WBCのツイッター公式アカウントは「ヌート(ヌートバーの愛称)は日本を愛し、日本もヌートを愛している」とツイート。ヌートバーが日本に溶け込むだけでなく、日本のファンからも親しまれている様子を紹介した。
パフォーマンスから関連グッズ販売に発展
ヌートバーの活躍はチームだけでなく、他競技のスポーツ選手や、関連グッズの販売にも波及している。
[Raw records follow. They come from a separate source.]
Lemma ln_unbounded c M : 0 < c -> exists N, forall t, N < t -> M < c * ln t.
Proof.
  intro Hc. exists (exp (M / c)). intros t Ht.
  pose proof (exp_pos (M / c)).
  assert (HMc : M / c < ln t) by (rewrite <- (ln_exp (M / c)); apply ln_increasing; lra).
  apply Rmult_lt_compat_l with (r := c) in HMc; [|exact Hc].
  replace (c * (M / c)) with M in HMc by (field; lra). exact HMc.
Qed.

Lemma gamma_ge_of_mu_gt0 mu alpha y :
  0 < mu -> gdom mu y -> mu * ln (Rabs y) - ln alpha <= gamma mu alpha y.
Proof.
  intros Hmu Hy. rewrite (gamma_fixed_point mu alpha y Hy).
  pose proof (lnabs_ge_ln_abs (gamma mu alpha y) y (gdom_neq0 mu y ltac:(lra) Hy)).
  apply Rplus_le_compat_r, Rmult_le_compat_l; lra.
Qed.

Lemma gamma_le_of_mu_lt0 mu alpha y :
  mu < 0 -> gdom mu y -> gamma mu alpha y <= mu * ln (Rabs y) - ln alpha.
Proof.
  intros Hmu Hy. rewrite (gamma_fixed_point mu alpha y Hy).
  pose proof (lnabs_ge_ln_abs (gamma mu alpha y) y (gdom_neq0 mu y ltac:(lra) Hy)).
  apply Rplus_le_compat_r, Rmult_le_compat_neg_l; lra.
Qed.

Lemma gamma_mu0 alpha y : gamma 0 alpha y = - ln alpha.
Proof.
  assert (Hy : gdom 0 y) by (unfold gdom; rewrite Rabs_R0; pose proof (Rabs_pos y); lra).
  rewrite (gamma_fixed_point 0 alpha y Hy). ring.
Qed.

(* By symmetry, [lnabs_dx r s] is the y-derivative of [lnabs s y] at [y = r]. [slope] is the
   implicit-function quotient mu d_y / (1 - mu d_x) with its two partial derivatives taken at
   independent points, as the mean value theorem delivers them. *)
Definition slope mu p q r s : R := mu * lnabs_dx r s / (1 - mu * lnabs_dx p q).

Definition dgamma mu alpha y : R := slope mu (gamma mu alpha y) y y (gamma mu alpha y).

Lemma slope_bound mu p q r s :
  Rabs (mu * lnabs_dx p q) <= / 4 ->
  Rabs (slope mu p q r s) <= 4 / 3 * Rabs (mu * lnabs_dx r s).
Proof.
  intro Ha. unfold slope.
  assert (Hden : 3 / 4 <= 1 - mu * lnabs_dx p q) by (pose proof (Rle_abs (mu * lnabs_dx p q)); lra).
  rewrite Rabs_div, (Rabs_right (1 - _)) by lra.
  pose proof (Rabs_pos (mu * lnabs_dx r s)).
  apply Rmult_le_reg_r with (1 - mu * lnabs_dx p q); [lra|]. field_simplify; nra.
Qed.

Lemma between_same_sign y z t :
  Rabs (z - y) < Rabs y -> Rmin y z <= t <= Rmax y z ->
  t <> 0 /\ Rmin (Rabs y) (Rabs z) <= Rabs t.
Proof.
  unfold Rmin, Rmax. intros Hzy Ht.
  destruct (Rle_dec y z), (Rle_dec (Rabs y) (Rabs z));
    unfold Rabs in *; repeat destruct Rcase_abs; split; lra.
Qed.

Lemma gamma_increment mu alpha y z :
  gdom mu y -> gdom mu z -> Rabs (z - y) < Rabs y ->
  exists xi eta,
    Rabs (xi - gamma mu alpha y) <= Rabs (gamma mu alpha z - gamma mu alpha y)
    /\ Rabs (eta - y) <= Rabs (z - y) /\ gdom mu eta
    /\ gamma mu alpha z - gamma mu alpha y = slope mu xi z eta (gamma mu alpha y) * (z - y).
Proof.
  intros Hy Hz Hzy.
  set (x := gamma mu alpha y). set (x' := gamma mu alpha z).
  assert (Hz0 : z <> 0) by (intros ->; rewrite Rminus_0_l, Rabs_Ropp in Hzy; lra).
  destruct (lnabs_mvt x x' z) as [xi [Hxi Exi]].
  { intros t _. pose proof (pow2_ge_0 t). pose proof (pow2_gt_0 z Hz0). lra. }
  destruct (lnabs_mvt y z x) as [eta [Heta Eeta]].
  { intros t Ht. destruct (between_same_sign y z t Hzy Ht) as [Ht0 _].
    pose proof (pow2_gt_0 t Ht0). pose proof (pow2_ge_0 x). lra. }
  assert (Hgdom_eta : gdom mu eta).
  { destruct (between_same_sign y z eta Hzy Heta) as [_ Hmin].
    unfold gdom in *. apply Rle_trans with (2 := Hmin), Rmin_glb; assumption. }
  assert (Hden : Rabs (mu * lnabs_dx xi z) <= / 4) by apply gdom_mu_lnabs_dx_le_quarter, Hz.
  assert (Hden0 : 1 - mu * lnabs_dx xi z <> 0) by (pose proof (Rle_abs (mu * lnabs_dx xi z)); lra).
  assert (Hincr : (x' - x) * (1 - mu * lnabs_dx xi z) = mu * lnabs_dx eta x * (z - y)).
  { pose proof (gamma_fixed_point mu alpha y Hy) as Ex.
    pose proof (gamma_fixed_point mu alpha z Hz) as Ex'. fold x x' in Ex, Ex'.
    replace ((x' - x) * (1 - mu * lnabs_dx xi z))
      with (x' - x - mu * (lnabs x' z - lnabs x z)) by (rewrite Exi; ring).
    replace (mu * lnabs_dx eta x * (z - y)) with (mu * (lnabs z x - lnabs y x))
      by (rewrite Eeta; ring).
    rewrite <- (lnabs_sym x z), <- (lnabs_sym x y). lra. }
  exists xi, eta. split; [|split; [|split]].
  - rewrite Rmin_comm, Rmax_comm in Hxi. apply Rabs_le_between_min_max, Hxi.
  - rewrite Rmin_comm, Rmax_comm in Heta. apply Rabs_le_between_min_max, Heta.
  - exact Hgdom_eta.
  - unfold slope. apply Rmult_eq_reg_r with (1 - mu * lnabs_dx xi z); [|exact Hden0].
    rewrite Hincr. field. exact Hden0.
Qed.

Lemma gamma_lipschitz_near mu alpha y z :
  gdom mu y -> gdom mu z -> Rabs (z - y) < Rabs y ->
  Rabs (gamma mu alpha z - gamma mu alpha y) <= 2 / 3 * Rabs (z - y).
Proof.
  intros Hy Hz Hzy.
  destruct (gamma_increment mu alpha y z Hy Hz Hzy) as [xi [eta [_ [_ [Heta ->]]]]].
  rewrite Rabs_mult. apply Rmult_le_compat_r; [apply Rabs_pos|].
  pose proof (slope_bound mu xi z eta (gamma mu alpha y) (gdom_mu_lnabs_dx_le_quarter mu xi z Hz)).
  pose proof (gdom_mu_lnabs_dx_le_half mu eta (gamma mu alpha y) Heta). lra.
Qed.

Lemma dgamma_bound mu alpha y :
  gdom mu y -> y <> 0 -> Rabs (dgamma mu alpha y) <= 2 * Rabs mu / Rabs y.
Proof.
  intros Hy Hy0. set (x := gamma mu alpha y).
  pose proof (slope_bound mu x y y x (gdom_mu_lnabs_dx_le_quarter mu x y Hy)) as Hs.
  assert (Hnum : Rabs (mu * lnabs_dx y x) <= Rabs mu / Rabs y).
  { rewrite Rabs_mult. apply Rmult_le_compat_l; [apply Rabs_pos|apply lnabs_dx_le_inv, Hy0]. }
  assert (0 <= Rabs mu / Rabs y)
    by (apply Rdiv_le_0_compat; [apply Rabs_pos|apply Rabs_pos_lt, Hy0]).
  unfold dgamma. fold x. unfold Rdiv in *. lra.
Qed.

Lemma lnabs_dx_continuous p q :
  0 < p ^ 2 + q ^ 2 -> continuous (fun v : R * R => lnabs_dx (fst v) (snd v)) (p, q).
Proof.
  intro Hpos. unfold lnabs_dx, Rdiv.
  assert (Hsq : forall t : R, continuous (fun x : R => x ^ 2) t)
    by (intro t; apply continuity_pt_filterlim, derivable_continuous_pt, derivable_pt_pow).
  apply (continuous_mult (K := R_AbsRing) fst (fun v : R * R => / (fst v ^ 2 + snd v ^ 2))).
  { apply continuous_fst. }
  apply (continuous_comp (fun v : R * R => fst v ^ 2 + snd v ^ 2) Rinv).
  2: { apply continuous_Rinv. simpl. lra. }
  apply (continuous_plus (V := R_NormedModule) (fun v : R * R => fst v ^ 2) (fun v : R * R => snd v ^ 2)).
  - apply (continuous_comp fst (fun x => x ^ 2)); [apply continuous_fst|apply Hsq].
  - apply (continuous_comp snd (fun x => x ^ 2)); [apply continuous_snd|apply Hsq].
Qed.

Lemma slope_continuous mu p q r s :
  0 < p ^ 2 + q ^ 2 -> 0 < r ^ 2 + s ^ 2 -> mu * lnabs_dx p q <> 1 ->
  continuous (fun w : (R * R) * (R * R) =>
    slope mu (fst (fst w)) (snd (fst w)) (fst (snd w)) (snd (snd w))) ((p, q), (r, s)).
Proof.
  intros Hpq Hrs Hden. unfold slope, Rdiv.
  set (a := fun w : (R * R) * (R * R) => mu * lnabs_dx (fst (fst w)) (snd (fst w))).
  set (b := fun w : (R * R) * (R * R) => mu * lnabs_dx (fst (snd w)) (snd (snd w))).
  assert (Ha : continuous a ((p, q), (r, s))).
  { apply (continuous_mult (K := R_AbsRing) (fun _ => mu)); [apply continuous_const|].
    apply (continuous_comp fst (fun v : R * R => lnabs_dx (fst v) (snd v)));
      [apply continuous_fst|apply lnabs_dx_continuous, Hpq]. }
  assert (Hb : continuous b ((p, q), (r, s))).
  { apply (continuous_mult (K := R_AbsRing) (fun _ => mu)); [apply continuous_const|].
    apply (continuous_comp snd (fun v : R * R => lnabs_dx (fst v) (snd v)));
      [apply continuous_snd|apply lnabs_dx_continuous, Hrs]. }
  apply (continuous_mult (K := R_AbsRing) b (fun w => / (1 - a w))); [exact Hb|].
  apply (continuous_comp (fun w => 1 - a w) Rinv).
  - apply (continuous_plus (V := R_NormedModule) (fun _ => 1) (fun w => - a w));
      [apply continuous_const|apply (continuous_opp (V := R_NormedModule)), Ha].
  - apply continuous_Rinv. unfold a. simpl. lra.
Qed.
安打や本塁打を放った際、コショウ(ペッパーミル)をひく動作をする「ペッパー・グラインダー」のパフォーマンスはヌートバーがきっかけとなったが、今ではチームの代名詞として浸透。サッカーのワールドカップ(W杯)カタール大会で日本代表として活躍した堂安律選手(フライブルグ)は、試合中にペッパー・グラインダーのパフォーマンスを行った写真を自身のインスタグラムに投稿した。
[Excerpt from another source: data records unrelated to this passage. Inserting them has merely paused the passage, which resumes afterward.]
Lemma enat_sup_le S b : (forall x, S x -> enat_le x b) -> enat_le (enat_sup S) b.
Proof. exact: (epsilon_spec _ _ (is_lub_exists S)).2. Qed.

Lemma enat_inf_le S x : S x -> enat_le (enat_inf S) x.
Proof. exact: (epsilon_spec _ _ (is_glb_exists S)).1. Qed.

Lemma enat_le_inf S b : (forall x, S x -> enat_le b x) -> enat_le b (enat_inf S).
Proof. exact: (epsilon_spec _ _ (is_glb_exists S)).2. Qed.

Lemma enat_inf_Some S y : enat_inf S = Some y -> S (Some y).
Proof.
move=> infE; case: (excluded_middle_informative (S (Some y))) => // notSy.
suff : enat_le (Some y.+1) (enat_inf S) by rewrite infE /= ltnn.
apply: enat_le_inf => -[x|] Sx //=; have := enat_inf_le Sx.
by rewrite infE /= leq_eqVlt => /orP[/eqP yx|//]; rewrite yx in notSy.
Qed.

Lemma least_index_Some (P : pred nat) c :
  least_index P = Some c -> P c /\ forall k, P k -> c <= k.
Proof.
by rewrite /least_index; case: excluded_middle_informative => // ex [<-]; case: ex_minnP.
Qed.

Lemma least_index_le (P : pred nat) k : P k -> enat_le (least_index P) (Some k).
Proof.
rewrite /least_index; case: excluded_middle_informative => [ex|noex] Pk.
  by case: ex_minnP => m _; apply.
by case: noex; exists k.
Qed.

Lemma least_index_None (P : pred nat) : (forall k, ~~ P k) -> least_index P = None.
Proof.
move=> notP; rewrite /least_index.
by case: excluded_middle_informative => // -[k Pk]; move: (notP k); rewrite Pk.
Qed.

Lemma chain_stalls (T : finType) (X : nat -> {set T}) n :
  (forall q, X q \subset X q.+1) -> #|X n| < n -> exists2 q, q < n & X q = X q.+1.
Proof.
move=> incr; elim: n => [//|n IH] small.
have [eqX|neX] := eqVneq (X n) (X n.+1); first by exists n.
have lt : #|X n| < #|X n.+1| by apply: proper_card; rewrite properEneq neX incr.
by have [q qn eqq] := IH (leq_trans lt small); exists q => //; apply: ltnW.
Qed.

Lemma exists_repeat (T : finType) (f : nat -> T) s :
  exists a b, [/\ s <= a, a < b, b <= s + #|T| & f a = f b].
Proof.
pose g (t : 'I_#|T|.+1) := f (s + t).
have [x [y neq gxy]] : exists x, exists2 y, x != y & g x = g y.
  by apply/injectivePn/injectiveP => /leq_card; rewrite card_ord ltnn.
wlog xy : x y neq gxy / x < y.
  move=> gen; case: (ltngtP x y) => [|yx|/val_inj exy]; first exact: gen.
    by apply: (gen y x) => //; rewrite eq_sym.
  by rewrite exy eqxx in neq.
exists (s + x), (s + y); split=> //; first exact: leq_addr.
  by rewrite ltn_add2l.
by rewrite leq_add2l -ltnS.
Qed.

(* For [a < b], [lasso a b] enumerates [0, ..., b - 1] and then cycles
   through [a, ..., b - 1]. *)
Fixpoint lasso (a b t : nat) : nat :=
  if t is t'.+1 then
    if (lasso a b t').+1 == b then a else (lasso a b t').+1
  else 0.

Lemma lasso_id a b t : t < b -> lasso a b t = t.
Proof. by elim: t => //= t IH tb; rewrite IH ?(ltnW tb) // (ltn_eqF tb). Qed.

Lemma lasso_lt a b t : a < b -> lasso a b t < b.
Proof.
move=> ab; elim: t => [|t IH] /=; first exact: leq_ltn_trans (leq0n a) ab.
by case: eqP => // /eqP ne; rewrite ltn_neqAle ne IH.
Qed.

Lemma lasso_below a b t : lasso a b t < a -> lasso a b t = t.
Proof. by elim: t => //= t IH; case: eqP => [_|_ /ltnW /IH -> //]; rewrite ltnn. Qed.

Lemma lasso_step (T : Type) (f : nat -> T) a b t :
  f a = f b -> f (lasso a b t.+1) = f (lasso a b t).+1.
Proof. by move=> fab /=; case: eqP => // ->. Qed.

Definition next_bound (p n M : nat) : nat := p * (M + n + 1) + 1.

Definition label_bound (p n t : nat) : nat := iter t (next_bound p n) 0.

Lemma label_bound_mono p n : {homo label_bound p n : s t / s <= t}.
Proof.
apply: homo_leq leqnn leq_trans _; elim=> [//|t IH] /=.
by rewrite leq_add2r leq_mul2l leq_add2r leq_add2r IH orbT.
Qed.

Lemma label_bound_exp p n t : 1 < n -> p <= n ->
  label_bound p n t + (n + 6) <= n ^ t * (n + 6).
Proof.
move=> n2 pn; elim: t => [|t IH]; first by rewrite expn0 mul1n.
rewrite /label_bound iterS -/(label_bound p n t) /next_bound expnS -mulnA.
have := leq_mul (leqnn n) IH.
have : p * (label_bound p n t + n + 1) <= n * (label_bound p n t + n + 1).
  exact: leq_mul.
nia.
Qed.

Lemma label_bound_le p n t : 1 < n -> p <= n -> t <= n * p.+1 ->
  label_bound p n t <= n ^ ((n + 3) * (p + 2)).
Proof.
move=> n2 pn tle; apply: leq_trans (label_bound_mono p n tle) _.
have n3 : n + 6 <= n ^ 3 by rewrite !expnS expn0 muln1; nia.
have step := label_bound_exp (n * p.+1) n2 pn.
apply: leq_trans (_ : n ^ (n * p.+1) * n ^ 3 <= _).
  exact: leq_trans (leq_addr _ _) (leq_trans step (leq_mul (leqnn _) n3)).
by rewrite -expnD leq_pexp2l ?(ltnW n2) //; nia.
Qed.

Section ExtendedGame.
Variables (Pl V : finType) (owner : V -> Pl) (E : rel V) (F : Pl -> {set V}).
Local Notation XV := (XV Pl V).
Local Notation Xedge := (Xedge E F).
Local Notation play := (play E F).
Local Notation consistent := (consistent owner).
Local Notation Xowner := (Xowner owner).
Local Notation update := (update owner E F).

Lemma Xedge_subset (u w : XV) : Xedge u w -> u.2 \subset w.2.
Proof. by case/andP=> _ /eqP->; exact: subsetUl. Qed.

Lemma play_subset r s t : play r -> s <= t -> (r s).2 \subset (r t).2.
Proof.
move=> pr /subnK <-; elim: (t - s) => [|d IH]; first exact: subxx.
exact: subset_trans IH (Xedge_subset (pr _)).
Qed.

Lemma consistent_reach lam r t m : consistent lam r -> lam (r t) = Some m ->
  exists2 c, c <= m & Xowner (r t) \in (r (t + c)).2.
Proof.
move=> cons lamE; have := cons t _ erefl; rewrite lamE.
case costE: (Cost _ _) => [c|] //= cm.
by exists c => //; have [+ _] := least_index_Some costE; rewrite inE.
Qed.

Lemma play_stable_window r i W c : play r ->
  (forall t, t < c -> i \notin (r t).2) -> #|Pl| * W < c ->
  exists2 s, s + W < c & forall t, s <= t <= s + W -> (r t).2 = (r s).2.
Proof.
move=> pr avoid large.
have [q qP eqq] : exists2 q, q < #|Pl| & (r (q * W)).2 = (r (q.+1 * W)).2.
  apply: chain_stalls => [q|]; first by apply: play_subset pr _; rewrite mulSnr leq_addr.
  have sub : (r (#|Pl| * W)).2 \subset [set~ i].
    apply/subsetP => j jin; rewrite in_setC1; apply: contraTneq jin => ->.
    exact: avoid large.
  have Pl_pos : 0 < #|Pl| by apply/card_gt0P; exists i.
  by have := subset_leq_card sub; rewrite cardsC1; lia.
exists (q * W) => [|t /andP[st ts]].
  by apply: leq_ltn_trans large; rewrite -mulSnr leq_mul2r qP orbT.
apply/eqP; rewrite eqEsubset (play_subset pr st) andbT eqq.
by apply: play_subset pr _; rewrite mulSnr.
Qed.

Lemma play_lasso r a b : play r -> r a = r b -> play (fun t => r (lasso a b t)).
Proof. by move=> pr rab t; rewrite (lasso_step t rab); exact: pr. Qed.

Lemma Cost_lasso (r : nat -> XV) (i : Pl) a b :
  a < b -> (forall t, t < b -> i \notin (r t).2) ->
  Cost i (fun t : nat => r (lasso a b t)) = None.
Proof.
by move=> ab avoid; apply: least_index_None => t; rewrite inE avoid // lasso_lt.
Qed.

Lemma consistent_lasso lam r a b :
  play r -> consistent lam r -> a < b -> r a = r b ->
  (forall t, a <= t <= b -> (r t).2 = (r b).2) ->
  (forall t m, t < b -> lam (r t) = Some m -> Xowner (r t) \in (r b).2) ->
  consistent lam (fun t => r (lasso a b t)).
Proof.
move=> pr cons ab rab loopI settled t _ <- /=.
case lamE: (lam _) => [m|]; last exact: enat_le_none.
have [own|notown] := boolP (Xowner (r (lasso a b t)) \in (r (lasso a b t)).2).
  apply: enat_le_trans (_ : enat_le _ (Some 0)) _ => //.
  by apply: least_index_le; rewrite inE /Defs.suffix addn0.
have pa : lasso a b t < a.
  rewrite ltnNge; apply: contraNN notown => ap.
  by rewrite loopI ?ap ?(ltnW (lasso_lt _ ab)) // (settled _ _ (lasso_lt _ ab) lamE).
have tE := lasso_below pa; rewrite tE in lamE notown pa *.
have ja : Xowner (r t) \in (r a).2.
  by rewrite loopI ?leqnn ?(ltnW ab) // (settled _ _ (ltn_trans pa ab) lamE).
have := cons t _ erefl; rewrite lamE.
have : enat_le (Cost (Xowner (r t)) (Defs.suffix r t)) (Some (a - t)).
  by apply: least_index_le; rewrite inE /Defs.suffix subnKC // ltnW.
case costE: (Cost _ _) => [c|] //= ca cm.
have [jc _] := least_index_Some costE.
apply: enat_le_trans (_ : enat_le _ (Some c)) _ => //.
apply: least_index_le; move: jc; rewrite !inE /Defs.suffix lasso_id //; lia.
Qed.

Lemma pump lam M i r c : play r -> consistent lam r ->
  (forall t m, lam (r t) = Some m -> m <= M) ->
  Cost i r = Some c -> #|Pl| * (M + #|V| + 1) < c ->
  exists r', [/\ play r', r' 0 = r 0, consistent lam r' & Cost i r' = None].
Proof.
move=> pr cons boundM costE large.
have avoid t : t < c -> i \notin (r t).2.
  move=> tc; apply: contraTN tc => it.
  by rewrite -leqNgt (least_index_Some costE).2 // inE.
have [s sc stable] := play_stable_window pr avoid large.
have [a [b [sa ab bs fab]]] := exists_repeat (fun t => (r t).1) s.
have loopI t : a <= t <= b -> (r t).2 = (r b).2.
  case/andP=> lo hi; rewrite (stable t) ?(stable b) //; apply/andP; split; lia.
have rab : r a = r b.
  by rewrite [r a]surjective_pairing [r b]surjective_pairing fab loopI // leqnn ltnW.
exists (fun t => r (lasso a b t)); split=> //; first exact: play_lasso.
  apply: consistent_lasso => // t m tb lamE.
  have [d dm reach] := consistent_reach cons lamE.
  have mM := boundM _ _ lamE.
  have [tdb|btd] := leqP (t + d) b; first exact: subsetP (play_subset pr tdb) _ reach.
  rewrite (stable b) -?(stable (t + d)) //; apply/andP; split; lia.
by apply: Cost_lasso => // t tb; apply: avoid; lia.
Qed.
一方、スポーツ用品メーカーのミズノでは、このパフォーマンスをモチーフにした「ペッパーミルフェイスタオル」(3300円)を数量限定で10日から東京ドームの特設ショップで販売を開始した。
ミズノによると、「試合当日に販売された数量分については、即日で完売するほどの人気」だといい、13日からはミズノの直営店でも販売をスタート。「今後は公式オンラインショップでも受注販売を開始する予定」(ミズノ)だという。
ダルビッシュは「勇気をもらっている」
チーム内外に波及効果をもたらすヌートバーに敬意を示しているのが、チーム最年長のダルビッシュ有投手(パドレス)。今では日本人大リーガーで屈指の実績を誇る右腕も、日本のプロ野球から米大リーグに飛び込んできただけに、その苦労は人一倍分かるようだ。
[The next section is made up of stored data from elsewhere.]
Lemma block_lo_hi_eq j : (j <= d)%nat ->
  block (sref_lo j) = block (sref_hi j) <-> block_count (Z.of_nat j + 1) = block_count (Z.of_nat j).
Proof.
  intros Hj. unfold sref_lo, sref_hi.
  destruct (Nat.eqb_spec j 0) as [->|Hj0]; [|destruct (Nat.eqb_spec j d) as [->|Hjd]].
  - change (-1) with (- (1)). change (Z.of_nat 0 + 1) with 1.
    rewrite block_odd, block_base, (block_count_low (Z.of_nat 0)) by lia. lia.
  - replace (dz + 2) with (D - dz) by (unfold DD; lia).
    rewrite block_mirror, !block_base, (block_count_high (dz + 1)) by lia. unfold block_period. lia.
  - rewrite !block_base by lia. lia.
Qed.

Lemma excluded_iff_block j : (j <= d)%nat -> (excluded nu j <-> block (sref_lo j) <> block (sref_hi j)).
Proof.
  intros Hj. rewrite block_lo_hi_eq, block_count_step by auto.
  destruct (excluded_dec nu j); tauto.
Qed.

Lemma block_sref j : (j <= d)%nat -> ~ excluded nu j -> forall x, block (sref d j x) = block x.
Proof.
  intros Hj Hn.
  assert (E : block (sref_lo j) = block (sref_hi j)).
  { destruct (Z.eq_dec (block (sref_lo j)) (block (sref_hi j))); auto. exfalso. apply Hn, excluded_iff_block; auto. }
  assert (U : forall u, 1 <= u <= dz -> block (sref d j u) = block u).
  { intros u Hu. rewrite sref_val by auto. unfold sref_base. unfold sref_lo, sref_hi in E.
    destruct (Nat.eqb_spec j 0) as [->|Hj0]; [|destruct (Nat.eqb_spec j d) as [->|Hjd]];
      case_Z_tests; subst; auto. }
  pose proof (sref_periodic_odd j) as Hs.
  intros x. destruct (DD_euclid x) as [q [t [-> Ht]]].
  rewrite Z.add_comm, (periodic_odd_shift _ Hs), !block_shift. f_equal.
  destruct (Z.eq_dec t 0) as [->|]; [rewrite periodic_odd_0; auto|].
  destruct (Z_le_gt_dec t dz); [apply U; lia|].
  destruct (Z.eq_dec t (dz + 1)) as [->|]; [rewrite periodic_odd_mid; auto|].
  replace t with (D - (D - t)) by lia.
  rewrite periodic_odd_mirror by auto. rewrite 2!block_mirror, U by (unfold DD in *; lia). reflexivity.
Qed.

(* Right to left: by induction on the length, peeling off descents, which all lie in [W_nu]. *)
Lemma in_Wsub_iff_block y : in_Wsub d nu y <-> in_W d y /\ forall x, block (y x) = block x.
Proof.
  split.
  - intros [l [Hl Hw]]. split.
    + apply (in_W_ext y (word d l)); [intros; symmetry; apply Hw|].
      apply word_in_W. intros i Hi; apply (proj1 (Hl i Hi)).
    + intros x. rewrite <- Hw. clear Hw. induction l as [|j l IH]; simpl; auto.
      rewrite block_sref; [apply IH|apply (Hl j); simpl; auto..]. intros i Hi; apply Hl; simpl; auto.
  - intros [Hy Hb]. remember (Z.to_nat (inv_count y)) as m eqn:Em. revert y Hy Hb Em.
    induction m as [m IH] using (well_founded_induction lt_wf). intros y Hy Hb Em.
    destruct (descent_dec y) as [[j [Hj Hdesc]]|Hasc].
    + set (z := fun x => y (sref d j x)).
      assert (Hne : ~ excluded nu j).
      { intros Hex. apply excluded_iff_block in Hex; auto. apply Hex.
        pose proof (sref_lo_lt_hi j Hj).
        assert (y (sref_lo j) <> y (sref_hi j)) by (intros E; apply (in_W_inj y) in E; auto; lia).
        pose proof (block_mono (sref_lo j) (sref_hi j) ltac:(lia)).
        pose proof (block_mono (y (sref_hi j)) (y (sref_lo j)) ltac:(lia)). rewrite !Hb in H2. lia. }
      pose proof (inv_count_sref y j Hj Hy) as E. fold z in E.
      destruct (Z.ltb_spec (y (sref_lo j)) (y (sref_hi j))); [lia|].
      pose proof (inv_count_nonneg z).
      destruct (IH (Z.to_nat (inv_count z)) ltac:(lia) z (in_W_comp y (sref d j) Hy (sref_in_W j Hj))
                  (fun x => ltac:(unfold z; rewrite Hb; apply block_sref; auto)) eq_refl) as [l [Hl Hw]].
      exists (l ++ [j]). split.
      * intros i Hi. apply in_app_iff in Hi. destruct Hi as [Hi|[<-|[]]]; auto.
      * intros x. rewrite word_snoc, Hw. unfold z. rewrite sref_invol; auto.
    + exists []. split; [intros i []|]. intros x; simpl; symmetry; apply no_descent_id; auto.
Qed.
「異国の地で(野球を)やるのは難しい。それを感じさせず、国やチームに対して自分から溶け込む気持ちがすごく感じる。(ヌートバーから)勇気をもらっている」
大谷翔平選手(エンゼルス)は、ベンチの中でもヌートバーに積極的に声をかけている一人。ヌートバーについて「十分にチームに溶け込める人間というか、人柄だと思う」とした上で「ファンの声援が大きければ大きいほど本人のやる気もそうだし、自分が日本の国に受け入れられているのかどうかが分かると思う。ぜひ素晴らしい声援を送ってもらえれば、僕としてもうれしい」と理解を求める。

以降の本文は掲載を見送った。